Cowboys’ Jerry Jones questions link between football, CTE

Dallas Cowboys owner Jerry Jones stands on the sideline during the first half of an NFL football game against the Seattle Seahawks on Sunday, Nov. 1, 2015, in Arlington, Texas. Credit: AP
BOCA RATON, Fla. — Cowboys owner Jerry Jones said Tuesday he is not convinced there is a definitive link between football and chronic traumatic encephalopathy (CTE), a degenerative brain disease that has been diagnosed in dozens of deceased former NFL players.
“We want to continue to be safer and want to continue to support any type of research that would let us know what [the] consequences really are,” Jones told a small group of reporters at the NFL’s annual spring meetings. “In no way should we be basically making assumptions with no more data than we’ve got about the consequences of a head injury.”
Jones’ take appears to be at odds with comments from Jeff Miller, the NFL’s senior vice president for health and safety, who said last week during a congressional roundtable discussion on concussions that he believed there is a connection. Asked by Rep. Jan Schakowsky (D-Ill.) whether there is a link, Miller replied, “the answer to that is certainly, yes.”
A league spokesman said the comments were consistent with the league’s thinking.
When asked if he believed there is a definitive connection between playing football and developing degenerative brain disease, Jones said, “No, that’s absurd. There’s no data that in any way creates a knowledge. There’s no way that you could have made a comment that there is an association and some type of assertion. In most things, you have to back it up by studies. And in this particular case, we all know how medicine is. Medicine is evolving. I grew up being told that aspirin was not good. I’m told that one a day is good for you . . . I’m saying that changed over the years as we’ve had more research and knowledge.”

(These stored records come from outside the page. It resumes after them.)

(* Let $S$ be a compact Hausdorff space and $K\subset S$ a closed subset which is a retract of $S$ and is a zero-set of $S$. Then there exists a U-embedding from $C(K)$ into $C(S)$.
   Context: $C(K)$, $C(S)$ carry the sup norm. $K$ is a retract of $S$ if there is a continuous onto $r\colon S\to K$ with $r(k)=k$ for all $k\in K$. $K$ is a zero-set of $S$ if $K=\{t\in S: f(t)=0\}$ for some $f\in C(S)$. A linear isometry $T\colon X\to Y$ is a U-embedding if every $x^*\in X^*$ has a unique $y^*\in Y^*$ with $T^*(y^* )=x^*$ and $\|y^*\|=\|x^*\|$. *)

From HB Require Import structures.
From mathcomp Require Import all_boot all_order all_algebra.
From mathcomp Require Import all_classical all_reals all_analysis.
Set Implicit Arguments. Unset Strict Implicit. Unset Printing Implicit Defensive.
Import Order.TTheory GRing.Theory Num.Theory numFieldNormedType.Exports.
Local Open Scope classical_set_scope.
Local Open Scope ring_scope.

Definition subK (S : topologicalType) (K : set S) : Type := {x : S | K x}.
HB.instance Definition _ (S : topologicalType) (K : set S) :=
  gen_eqMixin (subK K).
HB.instance Definition _ (S : topologicalType) (K : set S) :=
  gen_choiceMixin (subK K).

Definition Ktop (S : topologicalType) (K : set S) : topologicalType :=
  initial_topology (@proj1_sig S K : subK K -> S).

An ongoing study by Boston University researcher Dr. Ann McKee has shown evidence of CTE in 90 of 94 brains of deceased former NFL players. McKee has acknowledged that, because the brains she has studied have been donated mostly by families who were concerned about the players’ behavior that may have been influenced by repeated head trauma, there may not be that high a prevalence of CTE among the football-playing population at large.
“The thing that I don’t want to get caught up in is semantics, the semantics of it,” Jones said. “We as a league, we have not in any way changed our desire to do everything we can to make it safe, make it safe as to head injury. We hope and will support any data that would give us more insight into any short- and long-term consequences. We would support that.”
Jones added, “There has to be a lot of research, just as the heart did 50 years ago. And certainly everybody that had heart issues 50 years ago didn’t live a normal life. Nature takes care of that. So no, I didn’t think at all that his statements altered anything . . . It didn’t alter anything about where we are.”
Giants president and co-owner John Mara said Monday that CTE is “our No. 1 challenge,” but didn’t think Miller’s comments were “anything new. You have to remember that the population that’s been studied [for CTE] for the most part played football long before we started to have any understanding as to what we’re dealing with. We still don’t have a complete understanding of it. It’s something that we’re pouring millions of dollars of research into and trying to adjust the rules to make the game safer. We have concussion protocols now that are strictly enforced. We’ve had a couple of slip-ups, but we’re trying to change the way these things are dealt with and the way the game has been played.”
Jets owner Woody Johnson, a great-grandson of Johnson & Johnson co-founder Robert Wood Johnson, said the league is “always concerned about player health and player safety. I come from a health business. My whole life has revolved around health. We take these issues very seriously. Whether I agree with [Miller’s] statement or not, I’ll leave that to the neurologists, the PhD’s, the people who really understand the causation. We want to make the game as safe as we possibly can.”